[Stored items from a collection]

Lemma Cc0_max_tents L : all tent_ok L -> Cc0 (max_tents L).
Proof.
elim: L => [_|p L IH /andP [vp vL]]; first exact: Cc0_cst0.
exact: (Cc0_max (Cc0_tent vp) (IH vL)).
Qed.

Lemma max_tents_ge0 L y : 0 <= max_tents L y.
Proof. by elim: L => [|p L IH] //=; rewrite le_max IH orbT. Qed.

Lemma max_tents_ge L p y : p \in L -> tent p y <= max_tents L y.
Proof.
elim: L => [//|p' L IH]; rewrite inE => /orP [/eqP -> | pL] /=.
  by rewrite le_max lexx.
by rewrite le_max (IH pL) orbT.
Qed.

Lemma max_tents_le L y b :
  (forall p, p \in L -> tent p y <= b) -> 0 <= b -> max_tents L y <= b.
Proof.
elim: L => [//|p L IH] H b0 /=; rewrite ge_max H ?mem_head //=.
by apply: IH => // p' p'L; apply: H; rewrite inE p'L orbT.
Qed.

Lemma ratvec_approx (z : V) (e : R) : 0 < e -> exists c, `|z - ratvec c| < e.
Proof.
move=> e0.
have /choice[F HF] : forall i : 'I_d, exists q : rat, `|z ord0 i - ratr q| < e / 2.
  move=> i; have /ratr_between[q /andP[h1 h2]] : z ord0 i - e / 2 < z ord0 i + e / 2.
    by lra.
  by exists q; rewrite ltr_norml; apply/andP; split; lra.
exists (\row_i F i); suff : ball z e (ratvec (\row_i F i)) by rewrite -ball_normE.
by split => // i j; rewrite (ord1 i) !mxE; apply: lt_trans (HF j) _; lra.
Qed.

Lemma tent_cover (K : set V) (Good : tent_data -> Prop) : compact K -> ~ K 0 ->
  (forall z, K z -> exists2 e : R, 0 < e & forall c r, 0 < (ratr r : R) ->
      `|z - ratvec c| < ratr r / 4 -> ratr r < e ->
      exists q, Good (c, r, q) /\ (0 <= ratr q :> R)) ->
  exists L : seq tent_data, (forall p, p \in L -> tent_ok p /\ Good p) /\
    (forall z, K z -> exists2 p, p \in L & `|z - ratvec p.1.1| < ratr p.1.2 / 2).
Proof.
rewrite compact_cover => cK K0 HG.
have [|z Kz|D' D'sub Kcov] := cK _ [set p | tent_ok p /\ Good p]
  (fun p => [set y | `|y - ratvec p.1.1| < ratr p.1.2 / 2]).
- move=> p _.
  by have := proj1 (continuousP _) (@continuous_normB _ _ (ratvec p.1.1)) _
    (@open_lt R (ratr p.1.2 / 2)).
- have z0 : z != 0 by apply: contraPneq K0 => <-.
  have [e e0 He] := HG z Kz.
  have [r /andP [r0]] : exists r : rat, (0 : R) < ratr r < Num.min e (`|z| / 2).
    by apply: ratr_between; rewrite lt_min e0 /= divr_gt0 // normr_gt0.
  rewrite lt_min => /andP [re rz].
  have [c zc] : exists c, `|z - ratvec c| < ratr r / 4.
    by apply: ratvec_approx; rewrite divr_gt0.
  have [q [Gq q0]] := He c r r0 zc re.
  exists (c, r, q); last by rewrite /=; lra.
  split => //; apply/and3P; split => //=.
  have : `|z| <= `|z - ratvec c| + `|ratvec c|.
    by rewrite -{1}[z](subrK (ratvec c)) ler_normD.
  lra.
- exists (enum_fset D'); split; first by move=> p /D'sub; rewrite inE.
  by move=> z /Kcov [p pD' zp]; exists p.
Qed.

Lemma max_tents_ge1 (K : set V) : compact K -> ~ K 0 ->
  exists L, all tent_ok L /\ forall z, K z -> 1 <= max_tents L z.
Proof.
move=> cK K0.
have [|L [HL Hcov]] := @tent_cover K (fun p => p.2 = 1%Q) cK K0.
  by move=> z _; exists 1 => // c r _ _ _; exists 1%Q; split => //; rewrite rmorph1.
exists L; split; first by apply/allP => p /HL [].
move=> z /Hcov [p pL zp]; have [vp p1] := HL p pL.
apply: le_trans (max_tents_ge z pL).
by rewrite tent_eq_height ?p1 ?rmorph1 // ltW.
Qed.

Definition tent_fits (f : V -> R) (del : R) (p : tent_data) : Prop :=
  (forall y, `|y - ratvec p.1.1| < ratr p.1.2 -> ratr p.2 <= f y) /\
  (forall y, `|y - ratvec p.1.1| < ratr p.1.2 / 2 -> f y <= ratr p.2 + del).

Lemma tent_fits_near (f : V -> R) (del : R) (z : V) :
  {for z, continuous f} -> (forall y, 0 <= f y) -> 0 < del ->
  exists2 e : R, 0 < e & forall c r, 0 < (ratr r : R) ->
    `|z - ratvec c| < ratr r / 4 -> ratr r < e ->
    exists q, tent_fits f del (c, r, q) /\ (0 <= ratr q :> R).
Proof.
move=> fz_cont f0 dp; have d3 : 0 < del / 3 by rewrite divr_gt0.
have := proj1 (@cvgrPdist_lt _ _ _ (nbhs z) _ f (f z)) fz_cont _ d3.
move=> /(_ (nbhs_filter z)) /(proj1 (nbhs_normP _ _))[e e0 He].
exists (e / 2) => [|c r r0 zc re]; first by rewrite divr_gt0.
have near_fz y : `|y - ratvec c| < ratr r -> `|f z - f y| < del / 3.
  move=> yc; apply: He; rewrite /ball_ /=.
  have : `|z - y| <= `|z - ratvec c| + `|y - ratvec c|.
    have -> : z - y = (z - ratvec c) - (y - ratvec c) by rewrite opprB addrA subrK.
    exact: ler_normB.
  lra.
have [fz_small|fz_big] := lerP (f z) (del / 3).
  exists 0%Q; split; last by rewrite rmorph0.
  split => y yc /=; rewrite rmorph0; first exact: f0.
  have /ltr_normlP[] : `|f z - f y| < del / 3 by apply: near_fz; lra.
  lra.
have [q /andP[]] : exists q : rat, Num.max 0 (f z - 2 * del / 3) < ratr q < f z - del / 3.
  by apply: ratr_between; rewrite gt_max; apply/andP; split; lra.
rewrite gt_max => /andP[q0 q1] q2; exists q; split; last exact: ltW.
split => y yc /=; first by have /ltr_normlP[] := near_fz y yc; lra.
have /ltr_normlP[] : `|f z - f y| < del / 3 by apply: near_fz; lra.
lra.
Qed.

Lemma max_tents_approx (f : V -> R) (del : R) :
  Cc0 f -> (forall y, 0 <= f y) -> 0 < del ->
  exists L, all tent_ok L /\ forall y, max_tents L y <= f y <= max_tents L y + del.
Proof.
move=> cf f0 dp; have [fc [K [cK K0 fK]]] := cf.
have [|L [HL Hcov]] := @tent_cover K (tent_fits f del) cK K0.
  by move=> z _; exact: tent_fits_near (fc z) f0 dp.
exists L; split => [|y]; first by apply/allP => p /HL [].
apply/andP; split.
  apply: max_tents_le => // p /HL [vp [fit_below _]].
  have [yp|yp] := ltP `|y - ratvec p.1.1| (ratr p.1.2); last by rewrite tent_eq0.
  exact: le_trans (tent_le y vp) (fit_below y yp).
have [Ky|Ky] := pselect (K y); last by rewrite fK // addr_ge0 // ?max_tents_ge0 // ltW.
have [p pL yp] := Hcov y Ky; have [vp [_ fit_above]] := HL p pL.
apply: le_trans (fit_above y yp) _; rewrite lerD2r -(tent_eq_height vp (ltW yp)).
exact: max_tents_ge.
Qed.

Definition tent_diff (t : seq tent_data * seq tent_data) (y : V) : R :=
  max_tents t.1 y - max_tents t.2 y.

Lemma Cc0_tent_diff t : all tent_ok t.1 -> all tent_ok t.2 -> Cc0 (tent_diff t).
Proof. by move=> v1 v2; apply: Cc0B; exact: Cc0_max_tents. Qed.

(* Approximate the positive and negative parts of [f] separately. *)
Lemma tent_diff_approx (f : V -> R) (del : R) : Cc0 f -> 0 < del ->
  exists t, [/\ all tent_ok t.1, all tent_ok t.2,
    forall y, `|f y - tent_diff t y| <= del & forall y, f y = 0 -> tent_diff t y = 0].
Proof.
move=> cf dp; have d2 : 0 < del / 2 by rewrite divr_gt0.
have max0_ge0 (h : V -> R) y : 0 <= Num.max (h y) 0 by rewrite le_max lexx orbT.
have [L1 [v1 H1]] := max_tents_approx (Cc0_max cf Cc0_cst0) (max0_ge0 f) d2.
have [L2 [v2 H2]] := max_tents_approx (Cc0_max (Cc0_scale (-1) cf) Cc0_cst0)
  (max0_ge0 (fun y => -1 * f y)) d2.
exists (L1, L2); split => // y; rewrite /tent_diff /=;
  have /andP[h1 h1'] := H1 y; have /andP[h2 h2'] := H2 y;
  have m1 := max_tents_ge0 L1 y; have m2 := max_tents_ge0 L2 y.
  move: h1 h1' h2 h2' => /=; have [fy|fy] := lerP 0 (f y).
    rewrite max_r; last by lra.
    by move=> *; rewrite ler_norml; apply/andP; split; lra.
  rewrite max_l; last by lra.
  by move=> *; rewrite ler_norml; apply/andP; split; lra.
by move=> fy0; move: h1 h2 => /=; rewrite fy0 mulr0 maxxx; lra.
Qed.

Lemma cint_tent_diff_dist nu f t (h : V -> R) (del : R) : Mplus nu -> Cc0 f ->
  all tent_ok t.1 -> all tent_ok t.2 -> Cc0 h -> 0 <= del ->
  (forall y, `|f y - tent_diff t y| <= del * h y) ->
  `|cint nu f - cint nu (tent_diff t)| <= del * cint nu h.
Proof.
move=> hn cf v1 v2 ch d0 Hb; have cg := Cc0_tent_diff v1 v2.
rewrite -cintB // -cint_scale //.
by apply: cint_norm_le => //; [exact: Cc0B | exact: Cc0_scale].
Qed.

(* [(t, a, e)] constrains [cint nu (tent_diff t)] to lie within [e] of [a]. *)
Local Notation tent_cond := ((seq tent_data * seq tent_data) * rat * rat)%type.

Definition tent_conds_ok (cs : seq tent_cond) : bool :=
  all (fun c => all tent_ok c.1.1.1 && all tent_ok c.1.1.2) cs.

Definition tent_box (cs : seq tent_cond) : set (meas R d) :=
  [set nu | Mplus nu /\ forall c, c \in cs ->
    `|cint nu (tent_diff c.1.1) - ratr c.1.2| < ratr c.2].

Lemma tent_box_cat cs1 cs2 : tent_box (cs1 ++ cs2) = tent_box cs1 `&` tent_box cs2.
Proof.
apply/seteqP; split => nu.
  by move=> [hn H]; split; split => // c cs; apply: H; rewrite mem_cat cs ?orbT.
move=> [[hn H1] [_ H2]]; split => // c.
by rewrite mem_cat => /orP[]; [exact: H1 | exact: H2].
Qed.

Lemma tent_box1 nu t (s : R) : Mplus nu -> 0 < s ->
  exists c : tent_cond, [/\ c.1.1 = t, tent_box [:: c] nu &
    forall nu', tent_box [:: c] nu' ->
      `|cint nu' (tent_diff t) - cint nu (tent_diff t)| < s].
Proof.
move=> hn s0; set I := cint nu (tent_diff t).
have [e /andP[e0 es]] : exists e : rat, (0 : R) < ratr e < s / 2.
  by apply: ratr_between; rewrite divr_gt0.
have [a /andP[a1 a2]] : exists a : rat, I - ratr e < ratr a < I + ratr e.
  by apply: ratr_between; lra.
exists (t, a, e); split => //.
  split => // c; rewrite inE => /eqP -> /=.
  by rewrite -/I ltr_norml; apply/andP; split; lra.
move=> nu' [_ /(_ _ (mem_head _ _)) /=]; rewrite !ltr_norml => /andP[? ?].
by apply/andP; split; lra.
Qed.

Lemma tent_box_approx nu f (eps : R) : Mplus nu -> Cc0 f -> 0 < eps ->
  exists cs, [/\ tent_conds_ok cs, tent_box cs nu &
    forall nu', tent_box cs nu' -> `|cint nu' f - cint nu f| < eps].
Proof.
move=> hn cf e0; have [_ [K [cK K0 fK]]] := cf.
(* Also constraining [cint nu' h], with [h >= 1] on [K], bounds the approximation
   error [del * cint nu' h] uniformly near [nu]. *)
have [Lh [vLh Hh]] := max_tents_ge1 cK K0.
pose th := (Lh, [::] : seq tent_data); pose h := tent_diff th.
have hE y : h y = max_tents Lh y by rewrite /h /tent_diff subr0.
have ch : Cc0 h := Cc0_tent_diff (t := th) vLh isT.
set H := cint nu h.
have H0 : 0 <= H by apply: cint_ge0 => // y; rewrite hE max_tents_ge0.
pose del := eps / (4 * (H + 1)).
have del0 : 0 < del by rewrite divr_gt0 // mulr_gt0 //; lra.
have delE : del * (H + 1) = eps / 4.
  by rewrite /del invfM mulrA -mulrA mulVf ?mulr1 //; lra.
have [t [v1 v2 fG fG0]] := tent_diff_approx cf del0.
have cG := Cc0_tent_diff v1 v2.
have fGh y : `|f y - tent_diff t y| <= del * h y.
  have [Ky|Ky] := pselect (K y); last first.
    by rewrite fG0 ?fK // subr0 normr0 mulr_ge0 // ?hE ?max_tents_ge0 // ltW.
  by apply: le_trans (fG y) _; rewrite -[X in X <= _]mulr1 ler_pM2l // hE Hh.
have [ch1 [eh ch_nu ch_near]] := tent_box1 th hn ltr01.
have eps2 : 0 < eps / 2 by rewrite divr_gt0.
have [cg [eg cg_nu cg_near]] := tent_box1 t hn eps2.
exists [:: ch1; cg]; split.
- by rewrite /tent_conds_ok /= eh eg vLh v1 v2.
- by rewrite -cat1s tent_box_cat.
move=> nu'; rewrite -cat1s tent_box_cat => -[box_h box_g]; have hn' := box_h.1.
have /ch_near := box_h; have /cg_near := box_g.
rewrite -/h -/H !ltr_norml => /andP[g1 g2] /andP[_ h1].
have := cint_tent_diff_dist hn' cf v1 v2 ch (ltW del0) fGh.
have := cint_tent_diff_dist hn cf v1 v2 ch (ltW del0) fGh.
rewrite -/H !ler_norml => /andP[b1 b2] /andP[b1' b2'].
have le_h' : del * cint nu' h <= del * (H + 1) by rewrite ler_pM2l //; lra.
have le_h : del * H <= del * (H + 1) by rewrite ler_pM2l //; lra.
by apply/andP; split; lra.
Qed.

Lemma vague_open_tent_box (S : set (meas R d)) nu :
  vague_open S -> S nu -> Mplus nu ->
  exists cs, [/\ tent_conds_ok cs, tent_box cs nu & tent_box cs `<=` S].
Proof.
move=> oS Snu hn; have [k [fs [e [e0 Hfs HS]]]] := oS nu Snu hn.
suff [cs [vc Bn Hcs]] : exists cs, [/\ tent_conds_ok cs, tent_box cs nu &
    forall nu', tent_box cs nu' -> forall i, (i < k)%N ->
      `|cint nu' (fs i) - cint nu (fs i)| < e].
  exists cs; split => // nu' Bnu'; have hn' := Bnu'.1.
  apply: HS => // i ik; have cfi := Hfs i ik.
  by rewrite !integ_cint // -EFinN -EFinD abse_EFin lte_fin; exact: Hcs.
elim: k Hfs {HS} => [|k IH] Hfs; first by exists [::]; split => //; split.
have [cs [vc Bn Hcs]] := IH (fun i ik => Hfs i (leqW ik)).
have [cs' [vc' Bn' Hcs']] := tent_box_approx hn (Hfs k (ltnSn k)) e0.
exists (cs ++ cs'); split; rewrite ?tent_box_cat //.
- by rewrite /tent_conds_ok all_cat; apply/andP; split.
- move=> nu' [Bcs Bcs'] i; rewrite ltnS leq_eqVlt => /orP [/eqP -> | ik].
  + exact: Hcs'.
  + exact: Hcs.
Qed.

TASK BRIEF. Repeat the entries above verbatim, but only from the line that has "exists (L1, L2);" down to the line that has "Definition tent_conds_ok (cs", inclusive.

REPLY TO THE EXERCISE.
exists (L1, L2); split => // y; rewrite /tent_diff /=;
  have /andP[h1 h1'] := H1 y; have /andP[h2 h2'] := H2 y;
  have m1 := max_tents_ge0 L1 y; have m2 := max_tents_ge0 L2 y.
  move: h1 h1' h2 h2' => /=; have [fy|fy] := lerP 0 (f y).
    rewrite max_r; last by lra.
    by move=> *; rewrite ler_norml; apply/andP; split; lra.
  rewrite max_l; last by lra.
  by move=> *; rewrite ler_norml; apply/andP; split; lra.
by move=> fy0; move: h1 h2 => /=; rewrite fy0 mulr0 maxxx; lra.
Qed.

Lemma cint_tent_diff_dist nu f t (h : V -> R) (del : R) : Mplus nu -> Cc0 f ->
  all tent_ok t.1 -> all tent_ok t.2 -> Cc0 h -> 0 <= del ->
  (forall y, `|f y - tent_diff t y| <= del * h y) ->
  `|cint nu f - cint nu (tent_diff t)| <= del * cint nu h.
Proof.
move=> hn cf v1 v2 ch d0 Hb; have cg := Cc0_tent_diff v1 v2.
rewrite -cintB // -cint_scale //.
by apply: cint_norm_le => //; [exact: Cc0B | exact: Cc0_scale].
Qed.

(* [(t, a, e)] constrains [cint nu (tent_diff t)] to lie within [e] of [a]. *)
Local Notation tent_cond := ((seq tent_data * seq tent_data) * rat * rat)%type.

Definition tent_conds_ok (cs : seq tent_cond) : bool :=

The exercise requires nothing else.